Extracted data START
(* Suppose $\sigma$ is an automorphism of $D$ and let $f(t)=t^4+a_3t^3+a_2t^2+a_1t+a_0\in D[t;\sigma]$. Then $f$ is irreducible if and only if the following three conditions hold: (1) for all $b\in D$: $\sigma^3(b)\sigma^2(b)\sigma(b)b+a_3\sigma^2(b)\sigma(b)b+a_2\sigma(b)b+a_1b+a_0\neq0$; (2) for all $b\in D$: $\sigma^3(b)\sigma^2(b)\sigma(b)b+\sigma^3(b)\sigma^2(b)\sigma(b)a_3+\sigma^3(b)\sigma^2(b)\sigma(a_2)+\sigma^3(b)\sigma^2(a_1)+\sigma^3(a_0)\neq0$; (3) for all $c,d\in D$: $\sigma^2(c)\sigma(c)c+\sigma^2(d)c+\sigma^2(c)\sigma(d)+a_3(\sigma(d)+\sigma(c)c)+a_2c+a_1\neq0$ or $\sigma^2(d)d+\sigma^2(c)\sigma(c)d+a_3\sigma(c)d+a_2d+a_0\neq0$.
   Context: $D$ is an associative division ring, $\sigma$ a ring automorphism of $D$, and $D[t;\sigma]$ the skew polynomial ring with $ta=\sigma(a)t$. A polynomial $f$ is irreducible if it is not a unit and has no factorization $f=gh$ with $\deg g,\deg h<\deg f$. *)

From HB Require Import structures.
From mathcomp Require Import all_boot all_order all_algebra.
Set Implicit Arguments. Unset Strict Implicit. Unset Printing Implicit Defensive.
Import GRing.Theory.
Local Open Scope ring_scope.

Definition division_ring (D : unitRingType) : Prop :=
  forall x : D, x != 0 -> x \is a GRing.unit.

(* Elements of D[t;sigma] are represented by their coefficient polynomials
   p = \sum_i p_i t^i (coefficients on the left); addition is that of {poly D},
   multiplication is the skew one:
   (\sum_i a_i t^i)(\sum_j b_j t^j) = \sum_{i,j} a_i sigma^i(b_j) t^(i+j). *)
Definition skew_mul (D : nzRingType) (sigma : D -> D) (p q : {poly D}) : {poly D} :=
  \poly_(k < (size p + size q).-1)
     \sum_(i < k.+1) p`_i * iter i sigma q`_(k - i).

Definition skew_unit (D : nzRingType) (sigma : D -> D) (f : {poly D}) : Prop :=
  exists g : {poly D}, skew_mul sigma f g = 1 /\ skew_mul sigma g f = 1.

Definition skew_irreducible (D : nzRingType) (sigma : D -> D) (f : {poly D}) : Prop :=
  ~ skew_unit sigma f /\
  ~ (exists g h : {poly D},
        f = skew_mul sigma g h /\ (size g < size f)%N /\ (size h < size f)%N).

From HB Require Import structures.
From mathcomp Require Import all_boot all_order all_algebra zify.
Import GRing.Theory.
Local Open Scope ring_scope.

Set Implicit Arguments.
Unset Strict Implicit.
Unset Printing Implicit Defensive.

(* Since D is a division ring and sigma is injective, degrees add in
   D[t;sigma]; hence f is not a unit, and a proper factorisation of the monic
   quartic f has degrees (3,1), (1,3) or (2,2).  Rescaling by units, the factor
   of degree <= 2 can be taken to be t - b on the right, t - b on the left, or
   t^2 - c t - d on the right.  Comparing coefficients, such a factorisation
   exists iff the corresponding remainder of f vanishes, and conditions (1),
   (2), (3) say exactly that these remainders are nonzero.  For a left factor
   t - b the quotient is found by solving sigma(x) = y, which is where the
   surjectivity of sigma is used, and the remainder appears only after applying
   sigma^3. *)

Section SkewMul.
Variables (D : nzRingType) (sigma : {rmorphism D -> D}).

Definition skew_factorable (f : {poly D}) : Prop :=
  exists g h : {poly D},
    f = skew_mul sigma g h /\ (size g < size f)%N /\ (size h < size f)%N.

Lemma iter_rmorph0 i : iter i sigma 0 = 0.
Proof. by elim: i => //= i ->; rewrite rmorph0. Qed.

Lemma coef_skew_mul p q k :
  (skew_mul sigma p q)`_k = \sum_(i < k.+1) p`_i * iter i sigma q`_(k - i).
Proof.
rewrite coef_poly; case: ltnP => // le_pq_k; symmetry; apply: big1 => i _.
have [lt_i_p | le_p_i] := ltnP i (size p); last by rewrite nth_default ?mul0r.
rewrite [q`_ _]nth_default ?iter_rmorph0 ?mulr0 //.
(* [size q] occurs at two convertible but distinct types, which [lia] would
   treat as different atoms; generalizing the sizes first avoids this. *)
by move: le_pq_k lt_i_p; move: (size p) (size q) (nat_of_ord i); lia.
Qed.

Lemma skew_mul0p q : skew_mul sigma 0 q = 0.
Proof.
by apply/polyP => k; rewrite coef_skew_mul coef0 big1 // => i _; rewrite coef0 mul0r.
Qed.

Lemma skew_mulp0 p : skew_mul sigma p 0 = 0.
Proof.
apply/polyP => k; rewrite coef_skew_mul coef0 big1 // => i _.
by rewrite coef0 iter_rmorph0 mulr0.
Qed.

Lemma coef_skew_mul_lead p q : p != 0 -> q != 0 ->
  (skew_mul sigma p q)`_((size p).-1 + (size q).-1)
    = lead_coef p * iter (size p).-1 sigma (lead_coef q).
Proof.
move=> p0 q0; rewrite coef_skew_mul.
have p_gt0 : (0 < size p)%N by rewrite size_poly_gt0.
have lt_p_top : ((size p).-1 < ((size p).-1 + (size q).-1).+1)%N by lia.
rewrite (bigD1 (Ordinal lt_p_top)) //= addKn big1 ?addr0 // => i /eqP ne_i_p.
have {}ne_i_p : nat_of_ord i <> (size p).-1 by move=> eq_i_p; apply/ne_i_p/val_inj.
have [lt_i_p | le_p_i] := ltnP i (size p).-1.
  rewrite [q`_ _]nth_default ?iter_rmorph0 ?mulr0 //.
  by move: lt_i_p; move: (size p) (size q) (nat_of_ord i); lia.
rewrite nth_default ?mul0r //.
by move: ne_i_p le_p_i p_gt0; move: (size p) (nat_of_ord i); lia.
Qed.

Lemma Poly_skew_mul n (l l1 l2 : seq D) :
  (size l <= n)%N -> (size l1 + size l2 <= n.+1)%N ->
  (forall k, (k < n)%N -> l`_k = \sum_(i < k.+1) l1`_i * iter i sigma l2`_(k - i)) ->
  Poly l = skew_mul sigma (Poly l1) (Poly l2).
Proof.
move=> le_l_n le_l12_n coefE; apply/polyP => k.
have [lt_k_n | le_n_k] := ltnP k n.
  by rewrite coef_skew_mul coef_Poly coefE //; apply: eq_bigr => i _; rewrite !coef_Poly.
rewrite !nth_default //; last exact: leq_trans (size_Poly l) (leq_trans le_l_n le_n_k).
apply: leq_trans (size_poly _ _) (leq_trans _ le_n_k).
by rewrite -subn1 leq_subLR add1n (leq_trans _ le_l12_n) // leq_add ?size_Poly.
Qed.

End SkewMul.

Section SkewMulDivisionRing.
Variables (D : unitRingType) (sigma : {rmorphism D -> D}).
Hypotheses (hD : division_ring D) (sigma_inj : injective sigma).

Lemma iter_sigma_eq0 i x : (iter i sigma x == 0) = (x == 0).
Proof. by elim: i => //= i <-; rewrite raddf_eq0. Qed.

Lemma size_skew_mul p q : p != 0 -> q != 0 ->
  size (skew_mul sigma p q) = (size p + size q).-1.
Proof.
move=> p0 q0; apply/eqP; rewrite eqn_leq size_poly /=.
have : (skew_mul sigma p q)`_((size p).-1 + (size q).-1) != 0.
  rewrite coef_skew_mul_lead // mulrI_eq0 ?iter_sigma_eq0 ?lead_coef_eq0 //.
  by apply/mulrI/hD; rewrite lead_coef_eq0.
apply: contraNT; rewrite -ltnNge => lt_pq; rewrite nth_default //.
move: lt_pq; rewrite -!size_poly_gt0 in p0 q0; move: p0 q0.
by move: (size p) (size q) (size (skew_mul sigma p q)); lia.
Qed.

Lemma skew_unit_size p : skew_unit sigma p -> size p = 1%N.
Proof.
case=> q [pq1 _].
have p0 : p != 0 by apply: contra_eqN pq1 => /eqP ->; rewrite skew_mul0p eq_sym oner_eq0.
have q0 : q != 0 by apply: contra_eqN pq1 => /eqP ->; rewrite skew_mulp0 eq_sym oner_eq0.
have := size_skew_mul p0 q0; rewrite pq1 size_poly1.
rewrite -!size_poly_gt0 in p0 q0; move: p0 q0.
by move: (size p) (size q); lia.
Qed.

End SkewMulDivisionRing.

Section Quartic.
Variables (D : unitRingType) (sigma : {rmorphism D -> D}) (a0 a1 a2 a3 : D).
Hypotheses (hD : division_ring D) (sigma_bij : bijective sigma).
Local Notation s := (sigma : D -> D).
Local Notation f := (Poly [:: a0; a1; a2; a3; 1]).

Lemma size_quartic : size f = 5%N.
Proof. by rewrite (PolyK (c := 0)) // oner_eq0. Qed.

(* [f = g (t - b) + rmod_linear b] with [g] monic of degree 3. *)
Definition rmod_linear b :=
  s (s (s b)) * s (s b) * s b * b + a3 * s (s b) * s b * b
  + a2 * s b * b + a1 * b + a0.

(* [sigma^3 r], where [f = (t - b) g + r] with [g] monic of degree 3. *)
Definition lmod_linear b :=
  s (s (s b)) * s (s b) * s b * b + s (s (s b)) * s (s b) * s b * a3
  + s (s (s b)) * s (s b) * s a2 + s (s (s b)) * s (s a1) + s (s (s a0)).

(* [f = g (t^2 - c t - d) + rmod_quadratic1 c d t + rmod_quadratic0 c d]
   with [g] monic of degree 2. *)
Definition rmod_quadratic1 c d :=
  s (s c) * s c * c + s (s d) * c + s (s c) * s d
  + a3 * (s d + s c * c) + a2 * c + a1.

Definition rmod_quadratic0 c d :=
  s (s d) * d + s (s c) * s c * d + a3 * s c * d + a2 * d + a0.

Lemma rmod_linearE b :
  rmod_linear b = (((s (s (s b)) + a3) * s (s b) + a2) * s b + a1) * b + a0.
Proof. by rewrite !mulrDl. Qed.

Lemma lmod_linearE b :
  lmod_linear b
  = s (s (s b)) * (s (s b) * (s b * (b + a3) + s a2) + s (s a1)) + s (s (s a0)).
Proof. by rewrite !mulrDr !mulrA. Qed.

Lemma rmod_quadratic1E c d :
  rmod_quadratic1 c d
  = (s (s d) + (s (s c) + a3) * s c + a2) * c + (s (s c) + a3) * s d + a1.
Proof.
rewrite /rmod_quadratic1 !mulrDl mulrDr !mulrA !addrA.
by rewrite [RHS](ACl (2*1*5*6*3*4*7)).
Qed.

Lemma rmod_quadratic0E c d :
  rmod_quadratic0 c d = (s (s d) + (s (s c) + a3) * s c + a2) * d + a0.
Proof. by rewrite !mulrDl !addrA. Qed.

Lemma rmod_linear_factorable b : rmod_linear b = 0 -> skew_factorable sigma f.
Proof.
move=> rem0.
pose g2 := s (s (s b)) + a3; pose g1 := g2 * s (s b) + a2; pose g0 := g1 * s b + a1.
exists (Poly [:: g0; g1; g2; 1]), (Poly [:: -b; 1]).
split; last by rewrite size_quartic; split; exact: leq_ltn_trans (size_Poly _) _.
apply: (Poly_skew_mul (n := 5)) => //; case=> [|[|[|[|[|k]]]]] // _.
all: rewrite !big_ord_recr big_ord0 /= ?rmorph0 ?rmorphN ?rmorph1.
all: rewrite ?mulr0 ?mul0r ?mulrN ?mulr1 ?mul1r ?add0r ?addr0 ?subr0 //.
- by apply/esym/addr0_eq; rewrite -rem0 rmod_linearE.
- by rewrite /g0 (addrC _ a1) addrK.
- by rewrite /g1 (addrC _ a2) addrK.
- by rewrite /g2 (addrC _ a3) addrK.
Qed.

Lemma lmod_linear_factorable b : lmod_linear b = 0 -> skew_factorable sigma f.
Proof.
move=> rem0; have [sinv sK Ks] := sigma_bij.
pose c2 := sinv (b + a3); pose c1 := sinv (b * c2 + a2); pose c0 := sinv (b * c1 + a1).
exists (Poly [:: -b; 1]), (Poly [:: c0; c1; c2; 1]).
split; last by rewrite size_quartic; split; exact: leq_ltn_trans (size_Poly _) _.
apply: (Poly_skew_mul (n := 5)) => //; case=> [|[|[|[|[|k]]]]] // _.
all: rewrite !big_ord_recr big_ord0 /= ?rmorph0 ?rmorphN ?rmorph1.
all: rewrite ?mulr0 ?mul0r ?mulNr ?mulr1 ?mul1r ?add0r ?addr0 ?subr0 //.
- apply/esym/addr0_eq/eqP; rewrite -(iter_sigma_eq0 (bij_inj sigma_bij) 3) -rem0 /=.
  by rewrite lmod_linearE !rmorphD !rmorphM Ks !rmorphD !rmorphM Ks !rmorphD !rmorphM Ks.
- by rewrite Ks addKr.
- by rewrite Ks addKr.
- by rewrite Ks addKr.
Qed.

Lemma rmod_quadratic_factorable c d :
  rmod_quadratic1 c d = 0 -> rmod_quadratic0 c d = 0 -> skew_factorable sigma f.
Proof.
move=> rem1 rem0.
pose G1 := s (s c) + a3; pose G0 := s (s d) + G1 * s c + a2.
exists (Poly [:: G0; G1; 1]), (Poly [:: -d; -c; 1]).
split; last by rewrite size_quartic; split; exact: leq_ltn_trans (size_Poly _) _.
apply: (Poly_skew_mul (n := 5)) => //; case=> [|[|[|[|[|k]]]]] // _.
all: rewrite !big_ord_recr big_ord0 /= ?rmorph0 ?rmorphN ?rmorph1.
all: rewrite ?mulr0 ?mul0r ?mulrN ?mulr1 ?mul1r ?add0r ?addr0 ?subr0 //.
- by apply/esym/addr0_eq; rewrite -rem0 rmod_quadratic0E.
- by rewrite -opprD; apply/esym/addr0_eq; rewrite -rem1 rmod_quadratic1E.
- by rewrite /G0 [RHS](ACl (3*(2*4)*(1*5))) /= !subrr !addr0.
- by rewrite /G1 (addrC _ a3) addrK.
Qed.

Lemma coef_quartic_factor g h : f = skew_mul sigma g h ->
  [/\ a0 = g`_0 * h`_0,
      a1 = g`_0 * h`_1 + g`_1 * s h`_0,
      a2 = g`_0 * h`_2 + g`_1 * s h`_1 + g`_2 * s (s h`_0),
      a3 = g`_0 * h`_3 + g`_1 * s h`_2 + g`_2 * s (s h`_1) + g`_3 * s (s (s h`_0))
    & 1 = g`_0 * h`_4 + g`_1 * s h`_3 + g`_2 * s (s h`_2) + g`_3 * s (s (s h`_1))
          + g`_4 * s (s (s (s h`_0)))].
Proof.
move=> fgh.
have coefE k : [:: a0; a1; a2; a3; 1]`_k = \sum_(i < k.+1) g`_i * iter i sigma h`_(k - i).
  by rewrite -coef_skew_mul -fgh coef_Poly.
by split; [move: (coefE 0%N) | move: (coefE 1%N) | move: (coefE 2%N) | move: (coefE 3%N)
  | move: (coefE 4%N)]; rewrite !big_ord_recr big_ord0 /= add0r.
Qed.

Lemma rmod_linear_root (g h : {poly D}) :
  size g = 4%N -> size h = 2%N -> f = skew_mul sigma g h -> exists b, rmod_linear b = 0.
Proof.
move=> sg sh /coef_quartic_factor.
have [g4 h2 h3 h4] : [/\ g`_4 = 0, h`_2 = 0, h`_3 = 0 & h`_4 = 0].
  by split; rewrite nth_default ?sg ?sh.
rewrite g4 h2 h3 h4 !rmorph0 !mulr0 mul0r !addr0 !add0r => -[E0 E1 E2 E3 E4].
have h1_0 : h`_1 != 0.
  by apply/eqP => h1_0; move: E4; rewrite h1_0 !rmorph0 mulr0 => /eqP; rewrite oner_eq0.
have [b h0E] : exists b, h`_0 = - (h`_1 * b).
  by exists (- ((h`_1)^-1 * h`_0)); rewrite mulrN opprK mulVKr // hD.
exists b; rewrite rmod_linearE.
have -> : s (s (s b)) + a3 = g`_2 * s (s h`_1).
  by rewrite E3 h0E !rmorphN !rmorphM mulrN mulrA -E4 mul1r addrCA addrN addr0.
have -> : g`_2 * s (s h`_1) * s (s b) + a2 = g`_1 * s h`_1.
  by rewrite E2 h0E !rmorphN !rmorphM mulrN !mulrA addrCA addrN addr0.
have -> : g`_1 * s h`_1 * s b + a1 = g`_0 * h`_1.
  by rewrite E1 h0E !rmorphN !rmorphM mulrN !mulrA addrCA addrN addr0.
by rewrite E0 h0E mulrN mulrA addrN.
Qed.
Extracted data END
* Description of the task: If a line in the entries includes the word "left", copy that line out.

* Result below:
   p = \sum_i p_i t^i (coefficients on the left); addition is that of {poly D},
   of degree <= 2 can be taken to be t - b on the right, t - b on the left, or
   (2), (3) say exactly that these remainders are nonzero.  For a left factor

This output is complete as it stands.